The expansion, paid for in part by a $35 million grant from New York’s cultural affairs office, will add more than 70,000 square feet of additional space for the Historical Society and the newly created American LGBTQ+ Museum, which will take up the entire fourth floor of a planned five-story addition. The addition will rise on an adjacent lot on West 76th Street that the institution acquired in 1937, and completion is projected in 2024.
The Historical Society’s classrooms will also get significantly more space to house an education center for the Academy for American Democracy education initiative, which offers resources to 30,000 public school students throughout the city.
New galleries will also serve graduate students in the New-York Historical Society’s Master of Arts in Museum Studies program, which aims to diversify the city’s cultural workforce.
“We look forward to bringing a dynamic new museum to life within this cherished, deeply respected and growing New York City landmark,” Richard Burns, the board chairman of the fledgling museum, said in a statement.
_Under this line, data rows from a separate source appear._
(* Let $\lambda>0$ not be a fusion value, let $C_1,\dots,C_K$ be the clusters of the minimizer $\mathbf x^*$ of (P), and let $\boldsymbol\delta^a$ be a point in the relative interior of the set of $\boldsymbol\delta$-components of optimal solutions of (D-SOCP). Define $r:=\min\{\lambda-\|\boldsymbol\delta^a_{ll'}\|: l<l',\ l,l'\in C_k\text{ for some }k\}$ (over pairs in a common cluster). Then $r>0$. Moreover, if $\boldsymbol\delta$ satisfies $\|\boldsymbol\delta_{ij}-\boldsymbol\delta^a_{ij}\|\le p'\mu$ for all $i<j$, then $\|\boldsymbol\delta_{ij}\|\le\lambda-r+p'\mu$ for all $i<j$ in a common cluster.
   Context: Data: $n\ge2$, $d\ge1$, $\mathbf a_i\in\mathbb R^d$, $r_i>0$, $\lambda>0$. (P): minimize $\frac12\sum_ir_i\|\mathbf x_i-\mathbf a_i\|^2+\lambda\sum_{i<j}r_ir_j\|\mathbf x_i-\mathbf x_j\|$, minimizer $\mathbf x^*(\lambda)$, clusters = classes of $i\sim j\iff\mathbf x_i^*=\mathbf x_j^*$. $\lambda_0>0$ is a fusion value if some $i\ne j$ have $\mathbf x_i^*(\lambda_0)=\mathbf x_j^*(\lambda_0)$ but $\mathbf x_i^*(\lambda)\ne\mathbf x_j^*(\lambda)$ for all $\lambda<\lambda_0$. Antisymmetric notation $\mathbf v_{\langle ij\rangle}=\mathbf v_{ij}$ ($i<j$), $-\mathbf v_{ji}$ ($i>j$), $\mathbf 0$ ($i=j$). (D-SOCP): maximize $\sum_ir_i\mathbf a_i^T\boldsymbol\beta_i+\sum_ir_i\gamma_i$ over $\boldsymbol\delta_{ij},\boldsymbol\beta_i\in\mathbb R^d$, $\gamma_i\in\mathbb R$ s.t. $\sum_jr_j\boldsymbol\delta_{\langle ij\rangle}+\boldsymbol\beta_i=\mathbf 0$, $\|\boldsymbol\delta_{ij}\|\le\lambda$, $1-\gamma_i\ge\|(\boldsymbol\beta_i,\gamma_i)\|$. $p'\ge0$, $\mu\ge0$ are real numbers. *)

From HB Require Import structures.
From mathcomp Require Import all_boot all_order all_algebra.
From mathcomp Require Import reals.
Set Implicit Arguments. Unset Strict Implicit. Unset Printing Implicit Defensive.
Import Order.TTheory GRing.Theory Num.Theory.
Local Open Scope ring_scope.

Section Defs.
Variables (R : realType) (n d : nat).

Definition enorm (v : 'rV[R]_d) : R := Num.sqrt (\sum_(k < d) v 0 k ^+ 2).

Definition edot (u v : 'rV[R]_d) : R := \sum_(k < d) u 0 k * v 0 k.

Definition objP (a : 'I_n -> 'rV[R]_d) (w : 'I_n -> R) (lam : R)
  (x : 'I_n -> 'rV[R]_d) : R :=
  2^-1 * \sum_(i < n) w i * enorm (x i - a i) ^+ 2
  + lam * \sum_(i < n) \sum_(j < n | (i < j)%N) w i * w j * enorm (x i - x j).

Definition is_minimizerP a w lam (x : 'I_n -> 'rV[R]_d) : Prop :=
  forall y, objP a w lam x <= objP a w lam y.

Definition fusion_value a w (lam0 : R) : Prop :=
  0 < lam0 /\
  exists i j : 'I_n, i != j /\
    (forall x, is_minimizerP a w lam0 x -> x i = x j) /\
    (forall lam, 0 < lam -> lam < lam0 ->
       forall x, is_minimizerP a w lam x -> x i <> x j).

(* dual variables: delta_{ij} meaningful for i < j only *)
Definition dvar := 'I_n -> 'I_n -> 'rV[R]_d.

Definition dang (delta : dvar) (i j : 'I_n) : 'rV[R]_d :=
  if (i < j)%N then delta i j else if (j < i)%N then - delta j i else 0.
(* Let $(T,\mathsf{T})$ be a measurable space, $(X,d)$ a complete separable metric space, and let $f:T\to X$ and $\rho:T\to[0,\infty)$ be measurable. Let $\phi:X\times X\to[0,\infty)$ be a Carath\'eodory distance. Then the set-valued map $t\mapsto\overline{B}^\phi_{\rho(t)}(f(t))$ is graph measurable.
   Context: A Carath\'eodory distance is a function $\phi:X\times X\to[0,\infty)$ continuous in its left argument and Borel measurable in its right argument. $\overline{B}^\phi_r(x):=\{y\in X\mid\phi(y,x)\le r\}$. A set-valued map $\varphi:T\to2^X$ is graph measurable if $\{(t,x)\mid x\in\varphi(t)\}\in\mathsf{T}\otimes\mathsf{B}(X)$. *)

From HB Require Import structures.
From mathcomp Require Import all_boot all_order all_algebra.
From mathcomp Require Import all_classical all_reals all_analysis.
Set Implicit Arguments. Unset Strict Implicit. Unset Printing Implicit Defensive.
Import Order.TTheory GRing.Theory Num.Theory.
Import numFieldTopology.Exports.
Local Open Scope classical_set_scope.
Local Open Scope ring_scope.

Definition borel_set (X : topologicalType) : set (set X) := <<s @open X >>.

Definition borel_measurable_fun (d : measure_display) (T : measurableType d)
  (X : topologicalType) (f : T -> X) : Prop :=
  forall B : set X, borel_set B -> measurable (f @^-1` B).

Definition prod_borel_measurable (d : measure_display) (T : measurableType d)
  (X : topologicalType) : set (set (T * X)) :=
  <<s [set C | exists A B, [/\ measurable A, borel_set B & C = A `*` B]] >>.

Definition cball_phi (X : Type) (R : realType) (phi : X -> X -> R) (r : R) (x : X)
  : set X := [set y | phi y x <= r].

Definition caratheodory_distance (R : realType) (X : topologicalType)
  (phi : X -> X -> R) : Prop :=
  [/\ (forall x y, 0 <= phi x y),
      (forall y, continuous (fun x => phi x y)) &
      (forall x (B : set R), measurable B -> borel_set (phi x @^-1` B))].

Definition graph_measurable (d : measure_display) (T : measurableType d)
  (X : topologicalType) (Phi : T -> set X) : Prop :=
  prod_borel_measurable [set tx : T * X | Phi tx.1 tx.2].

From HB Require Import structures.
From mathcomp Require Import all_boot all_order all_algebra.
From mathcomp Require Import all_classical all_reals all_analysis.
From mathcomp Require Import lra.
Import Order.TTheory GRing.Theory Num.Theory.
Import numFieldTopology.Exports.
Local Open Scope classical_set_scope.
Local Open Scope ring_scope.

(** Fix a dense sequence [(e m)] in [X].  Since [phi] is continuous in its
    left argument, [phi x (f t) <= rho t] holds iff for every [n] some [e m]
    lies within [1/(n+1)] of [x] and satisfies
    [phi (e m) (f t) < rho t + 1/(n+1)].  This writes the graph as
    [\bigcap_n \bigcup_m A_nm `*` B_nm] with [A_nm] measurable, because
    [t |-> phi (e m) (f t)] is, and [B_nm] open. *)

Lemma countable_dense_range {X : topologicalType} (x0 : X) {D : set X} :
  countable D -> dense D -> exists e : nat -> X, dense (range e).
Proof.
move=> /countable_injP[g ginj] denseD; exists ('pinv_(fun=> x0) D g).
move=> O O0 openO; have [q [Oq Dq]] := denseD O O0 openO.
by exists q; split => //; exists (g q); rewrite // pinvKV ?inE.
Qed.

Lemma exists_natSinv_lt {R : archiRealFieldType} (c : R) :
  0 < c -> exists n : nat, n.+1%:R^-1 < c.
Proof.
move=> c0; have [N _ ltN] := near_infty_natSinv_lt (PosNum c0).
by exists N; apply: ltN => /=.
Qed.

Section sublevel_dense_sequence.
Context {R : realType} {X : pseudoMetricType R}.
Context {psi : X -> R} {e : nat -> X}.
Hypotheses (psi_cont : continuous psi) (e_dense : dense (range e)).

(** Balls of a pseudometric need not be open, hence the interiors. *)
Lemma le_dense_seqP (x : X) (r : R) :
  psi x <= r <->
  forall n : nat, exists m : nat,
    psi (e m) < r + n.+1%:R^-1 /\ (ball (e m) n.+1%:R^-1)° x.
Proof.
have open_sublevel c : open [set z | psi z < c].
  exact: (continuousP psi).1 psi_cont _ (@open_lt R c).
split=> [psi_le n | near_le].
- set eps : R := n.+1%:R^-1.
  have eps2_gt0 : 0 < eps / 2 by rewrite divr_gt0 // invr_gt0 ltr0n.
  pose O := [set z | psi z < r + eps] `&` (ball x (eps / 2))°.
  have Ox : O x.
    split; last exact: nbhsx_ballx.
    by rewrite /=; lra.
  have [y [[psi_lt xm] [m _ em_y]]] :=
    e_dense O (ex_intro _ x Ox) (openI (open_sublevel _) (@open_interior _ _)).
  subst y; exists m; split => //.
  apply: filterS (nbhsx_ballx x (eps / 2) eps2_gt0) => z xz.
  rewrite (splitr eps).
  exact: ball_triangle (ball_sym (interior_subset xm)) xz.
- rewrite leNgt; apply/negP => r_lt.
  set eps := (psi x - r) / 2.
  have eps_gt0 : 0 < eps by rewrite divr_gt0 // subr_gt0.
  have : nbhs x [set z | r + eps < psi z].
    apply: open_nbhs_nbhs; split; last by rewrite /= /eps; lra.
    exact: (continuousP psi).1 psi_cont _ (@open_gt R _).
  move=> /nbhs_ballP[de /= de_gt0 ball_sub].
  have [n] : exists n : nat, n.+1%:R^-1 < Num.min de eps.
    by apply: exists_natSinv_lt; rewrite lt_min de_gt0 eps_gt0.
  rewrite lt_min => /andP[n_lt_de n_lt_eps].
  have [m [psi_lt xm]] := near_le n.
  have /ball_sub /= psi_gt :=
    le_ball (ltW n_lt_de) (ball_sym (interior_subset xm)).
  have : psi (e m) < r + eps by rewrite (lt_trans psi_lt) // ltrD2l.
  by rewrite ltNge (ltW psi_gt).
Qed.

End sublevel_dense_sequence.

Lemma measurable_ltr_set {d} {T : measurableType d} {R : realType}
    (g h : T -> R) :
  measurable_fun setT g -> measurable_fun setT h ->
  measurable [set t | g t < h t].
Proof.
move=> mg mh; have := measurable_realfun.measurable_fun_ltr mg mh measurableT.
by move=> /(_ [set true] I); rewrite setTI.
Qed.

Lemma borel_measurableT_comp {d} {T : measurableType d} {X : topologicalType}
    {R : realType} {f : T -> X} {h : X -> R} :
  borel_measurable_fun f ->
  (forall B : set R, measurable B -> borel_set (h @^-1` B)) ->
  measurable_fun setT (h \o f).
Proof. by move=> mf mh _ B mB; rewrite setTI; exact: mf _ (mh _ mB). Qed.

Lemma prod_borel_measurable_bigcap_bigcup {d} {T : measurableType d}
    {X : topologicalType} (A : nat -> nat -> set T) (B : nat -> nat -> set X) :
  (forall n m, measurable (A n m)) -> (forall n m, open (B n m)) ->
  prod_borel_measurable (\bigcap_n \bigcup_m (A n m `*` B n m)).
Proof.
move=> mA oB; rewrite -[Z in prod_borel_measurable Z]setCK setC_bigcap -setTD.
apply: sigma_algebraCD; apply: sigma_algebra_bigcup => n.
rewrite -setTD; apply: sigma_algebraCD; apply: sigma_algebra_bigcup => m.
apply: sub_sigma_algebra; exists (A n m), (B n m); split => //.
exact: sub_sigma_algebra.
Qed.

Theorem lemma2p9 (R : realType) (d : measure_display) (T : measurableType d)
  (X : metricType R)
  (X_complete : forall F : set_system X, ProperFilter F -> cauchy F -> exists x : X, F --> x)
  (X_separable : exists D : set X, countable D /\ dense D)
  (f : T -> X) (rho : T -> R) (phi : X -> X -> R)
  (f_meas : borel_measurable_fun f)
  (rho_meas : measurable_fun setT rho) (rho_ge0 : forall t, 0 <= rho t)
  (phi_car : caratheodory_distance phi) :
  graph_measurable (fun t : T => cball_phi phi (rho t) (f t)).
Proof.
rewrite /graph_measurable; case: phi_car => _ phi_cont phi_meas.
have [[x0 _]|X0] := pselect (exists x : X, True); last first.
  have -> : [set tx : T * X | cball_phi phi (rho tx.1) (f tx.1) tx.2] = set0.
    by apply/seteqP; split => -[t x] //= _; case: X0; exists x.
  exact: sigma_algebra0.
have [D [countD denseD]] := X_separable.
have [e e_dense] := countable_dense_range x0 countD denseD.
pose A n m := [set t | phi (e m) (f t) < rho t + n.+1%:R^-1].
pose B n m := (ball (e m) n.+1%:R^-1)°.
have -> : [set tx : T * X | cball_phi phi (rho tx.1) (f tx.1) tx.2] =
    \bigcap_n \bigcup_m (A n m `*` B n m).
  apply/seteqP; split => -[t x] /=.
  - move=> /(le_dense_seqP (phi_cont (f t)) e_dense) near_le n _.
    by have [m ?] := near_le n; exists m.
  - move=> near_le; apply/(le_dense_seqP (phi_cont (f t)) e_dense) => n.
    by have [m _ ?] := near_le n I; exists m.
apply: prod_borel_measurable_bigcap_bigcup => n m; last exact: open_interior.
apply: measurable_ltr_set.
  exact: borel_measurableT_comp f_meas (phi_meas _).
by apply: measurable_realfun.measurable_funD => //; exact: measurable_cst.
Qed.
Lemma tonelli (b : nat -> nat -> R) B :
  (forall k m, 0 <= b k m) -> (forall K M, rect_sum b K M <= B) ->
  exists (row col : nat -> R) l,
    (forall k, is_series (b k) (row k)) /\ (forall m, is_series (fun k => b k m) (col m))
    /\ is_series row l /\ is_series col l.
Proof.
  intros b_ge0 HB.
  destruct (is_series_rows_of_rect_sum_le b B b_ge0 HB) as [Hrow [l1 H1]].
  destruct (is_series_rows_of_rect_sum_le (fun m k => b k m) B (fun m k => b_ge0 k m))
    as [Hcol [l2 H2]]; [intros; rewrite <- rect_sum_transpose; apply HB |].
  exists (fun k => Series (b k)), (fun m => Series (fun k => b k m)), l1. repeat split; auto.
  replace l1 with l2; [exact H2 |].
  apply Rle_antisym.
  - exact (series_of_rows_le_cols (fun m k => b k m) (fun m k => b_ge0 k m) _ _ _ _ Hcol Hrow H2 H1).
  - exact (series_of_rows_le_cols b b_ge0 _ _ _ _ Hrow Hcol H1 H2).
Qed.

Lemma is_series_Rext (f g : nat -> R) l : (forall n, f n = g n) -> is_series f l -> is_series g l.
Proof. apply is_series_ext. Qed.

Lemma is_series_Rscal (f : nat -> R) c l : is_series f l -> is_series (fun n => c * f n) (c * l).
Proof. apply (is_series_scal c f l). Qed.

Lemma is_series_Rplus (f g : nat -> R) l1 l2 : is_series f l1 -> is_series g l2 ->
  is_series (fun n => f n + g n) (l1 + l2).
Proof. apply (is_series_plus f g l1 l2). Qed.

Lemma is_series_Rminus (f g : nat -> R) l1 l2 : is_series f l1 -> is_series g l2 ->
  is_series (fun n => f n - g n) (l1 - l2).
Proof. apply (is_series_minus f g l1 l2). Qed.

Lemma is_series_Ropp (f : nat -> R) l : is_series f l -> is_series (fun n => - f n) (- l).
Proof. apply (is_series_opp f l). Qed.


Lemma is_series_single (m : nat) (v : R) : is_series (fun k => if Nat.eqb k m then v else 0) v.
Proof.
  assert (Hsum : forall N,
             sum_n (fun k => if Nat.eqb k m then v else 0) N = if Nat.ltb N m then 0 else v).
  { induction N.
    - rewrite sum_O. destruct m; reflexivity.
    - rewrite sum_n_Sr, IHN.
      destruct (Nat.eqb_spec (S N) m), (Nat.ltb_spec N m), (Nat.ltb_spec (S N) m); try lia; Rring. }
  apply is_series_of_lim, (is_lim_seq_incr_n _ m).
  eapply is_lim_seq_ext; [| apply is_lim_seq_const]. intro N.
  rewrite Hsum. destruct (Nat.ltb_spec (N + m) m); [lia | reflexivity].
Qed.

Lemma is_series_R0 : is_series (fun _ : nat => 0) 0.
Proof.
  apply (is_series_Rext (fun k => if Nat.eqb k 0 then 0 else 0)); [| apply is_series_single].
  intro k. destruct (Nat.eqb k 0); reflexivity.
Qed.

Lemma is_series_sum_n_m (f : nat -> nat -> R) (l : nat -> R) p q :
  (forall i, (p <= i <= q)%nat -> is_series (f i) (l i)) ->
  is_series (fun n => sum_n_m (fun i => f i n) p q) (sum_n_m l p q).
Proof.
  intro H. destruct (Compare_dec.le_lt_dec p q) as [Hpq | Hpq].
  - induction Hpq.
    + rewrite sum_n_n. apply (is_series_Rext (f p)); [intro; rewrite sum_n_n; reflexivity | apply H; lia].
    + rewrite sum_n_m_Sr by lia.
      apply (is_series_Rext (fun n => sum_n_m (fun i => f i n) p m + f (S m) n)).
      { intro; rewrite sum_n_m_Sr by lia; reflexivity. }
      apply is_series_Rplus; [apply IHHpq; intros; apply H | apply H]; lia.
  - rewrite sum_n_m_empty by exact Hpq.
    apply (is_series_Rext (fun _ => 0)); [| apply is_series_R0].
    intro; rewrite sum_n_m_empty by exact Hpq; reflexivity.
Qed.

Lemma is_series_drop (f : nat -> R) l m : is_series f l ->
  is_series (fun k => if Nat.eqb k m then 0 else f k) (l - f m).
Proof.
  intro H. apply (is_series_Rext (fun k => f k - (if Nat.eqb k m then f m else 0))).
  - intro k. destruct (Nat.eqb_spec k m); [subst; ring | ring].
  - apply is_series_Rminus, is_series_single; exact H.
Qed.

Lemma is_series_from_1 (f : nat -> R) l : is_series (fun n => f (S n)) l ->
  is_series (fun n => match n with O => 0 | S _ => f n end) l.
Proof.
  intro H. apply is_series_decr_1.
  change (plus l (opp 0)) with (l + - 0). rewrite Ropp_0, Rplus_0_r. exact H.
Qed.

(* Split [a] into the nonnegative parts [(|a| + a)/2] and [(|a| - a)/2] and apply
   Tonelli to each. *)
Lemma fubini (a : nat -> nat -> R) B (row col : nat -> R) l :
  (forall K M, rect_sum (fun k m => Rabs (a k m)) K M <= B) ->
  (forall k, is_series (a k) (row k)) -> (forall m, is_series (fun k => a k m) (col m)) ->
  is_series row l -> is_series col l.
Proof.
  intros HB Hrow Hcol Hl.
  set (ap := fun k m => (Rabs (a k m) + a k m) / 2).
  set (an := fun k m => (Rabs (a k m) - a k m) / 2).
  assert (Hbounds : forall k m, 0 <= ap k m <= Rabs (a k m) /\ 0 <= an k m <= Rabs (a k m)).
  { intros k m. unfold ap, an. pose proof (Rle_abs (a k m)). pose proof (Rle_abs (- a k m)).
    rewrite Rabs_Ropp in *. lra. }
  destruct (tonelli ap B) as [rp [cp [lpos [Hrp [Hcp [Lrp Lcp]]]]]];
    [intros; apply Hbounds | intros; eapply Rle_trans; [apply rect_sum_Rle, Hbounds | apply HB] |].
  destruct (tonelli an B) as [rn [cn [lneg [Hrn [Hcn [Lrn Lcn]]]]]];
    [intros; apply Hbounds | intros; eapply Rle_trans; [apply rect_sum_Rle, Hbounds | apply HB] |].
  assert (Ea : forall k m, ap k m - an k m = a k m) by (intros; unfold ap, an; field).
  assert (Erow : forall k, rp k - rn k = row k).
  { intro k. rewrite <- (is_series_unique _ _ (Hrow k)). symmetry. apply is_series_unique.
    apply (is_series_Rext (fun m => ap k m - an k m)); [apply Ea | apply is_series_Rminus; auto]. }
  assert (Ecol : forall m, cp m - cn m = col m).
  { intro m. rewrite <- (is_series_unique _ _ (Hcol m)). symmetry. apply is_series_unique.
    apply (is_series_Rext (fun k => ap k m - an k m)); [intro; apply Ea | apply is_series_Rminus; auto]. }
  replace l with (lpos - lneg).
  - apply (is_series_Rext (fun m => cp m - cn m)); [exact Ecol | apply is_series_Rminus; auto].
  - rewrite <- (is_series_unique _ _ Hl). symmetry. apply is_series_unique.
    apply (is_series_Rext (fun k => rp k - rn k)); [exact Erow | apply is_series_Rminus; auto].
Qed.

Definition harm (e : R) (n : nat) : R := sum_n_m (fun t => e ^ t / INR t) 1 n.

Lemma harm_0 e : harm e 0 = 0.
Proof. apply sum_n_m_empty; lia. Qed.

Lemma harm_S e n : harm e (S n) = harm e n + e ^ S n / INR (S n).
Proof. apply sum_n_m_Sr; lia. Qed.

Lemma harm_1_le_S n : harm 1 n <= harm 1 (S n).
Proof.
  rewrite harm_S, pow1. pose proof (Rinv_0_lt_compat _ (INR_S_pos n)). unfold Rdiv. lra.
Qed.

Lemma harm_1_ge0 n : 0 <= harm 1 n.
Proof. induction n; [rewrite harm_0; lra | pose proof (harm_1_le_S n); lra]. Qed.

Lemma ln_le_sub_1 x : 0 < x -> ln x <= x - 1.
Proof.
  intro Hx. rewrite <- (ln_exp (x - 1)). apply ln_le; [exact Hx |].
  pose proof (exp_ineq1_le (x - 1)). lra.
Qed.

Lemma ln_S_sub_le j : (1 <= j)%nat -> ln (INR (S j)) - ln (INR j) <= / INR j.
Proof.
  intro Hj. assert (Hp : 0 < INR j) by (apply lt_0_INR; lia).
  rewrite <- ln_div by (pose proof (INR_S_pos j); lra).
  eapply Rle_trans; [apply ln_le_sub_1, Rdiv_lt_0_compat; [apply INR_S_pos | exact Hp] |].
  rewrite S_INR. right. field. lra.
Qed.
He said that planners were committed to “building a thoughtful, welcoming, queer and inclusive experience” for visitors.
The board chair of the forthcoming American LGBTQ+ Museum, Richard Burns, told that the project has been in the works since 2017, when a group of local activists came up with the idea. In 2018 the nascent board of directors began raising money and settled on a museum charter in 2019.
In an email to Artnet News, the Leslie-Lohman Museum said “since 1969, just weeks before the Stonewall uprising, Leslie-Lohman has been exhibiting and preserving LGBTQ+ art and championing the visions of queer artists, while building a unique collection of over 30,000 artworks. It’s exciting to welcome new initiatives and institutions centering queer histories and cultures.”
The expansion will be helmed by Robert A.M. Stern Architects and move the museums into a 10,000-square-foot lot that Historical Society trustees purchased in 1937. The expansion is planned as a “phased project,” with the first beginning in summer 2022. Museum officials hope to have the work done by 2024.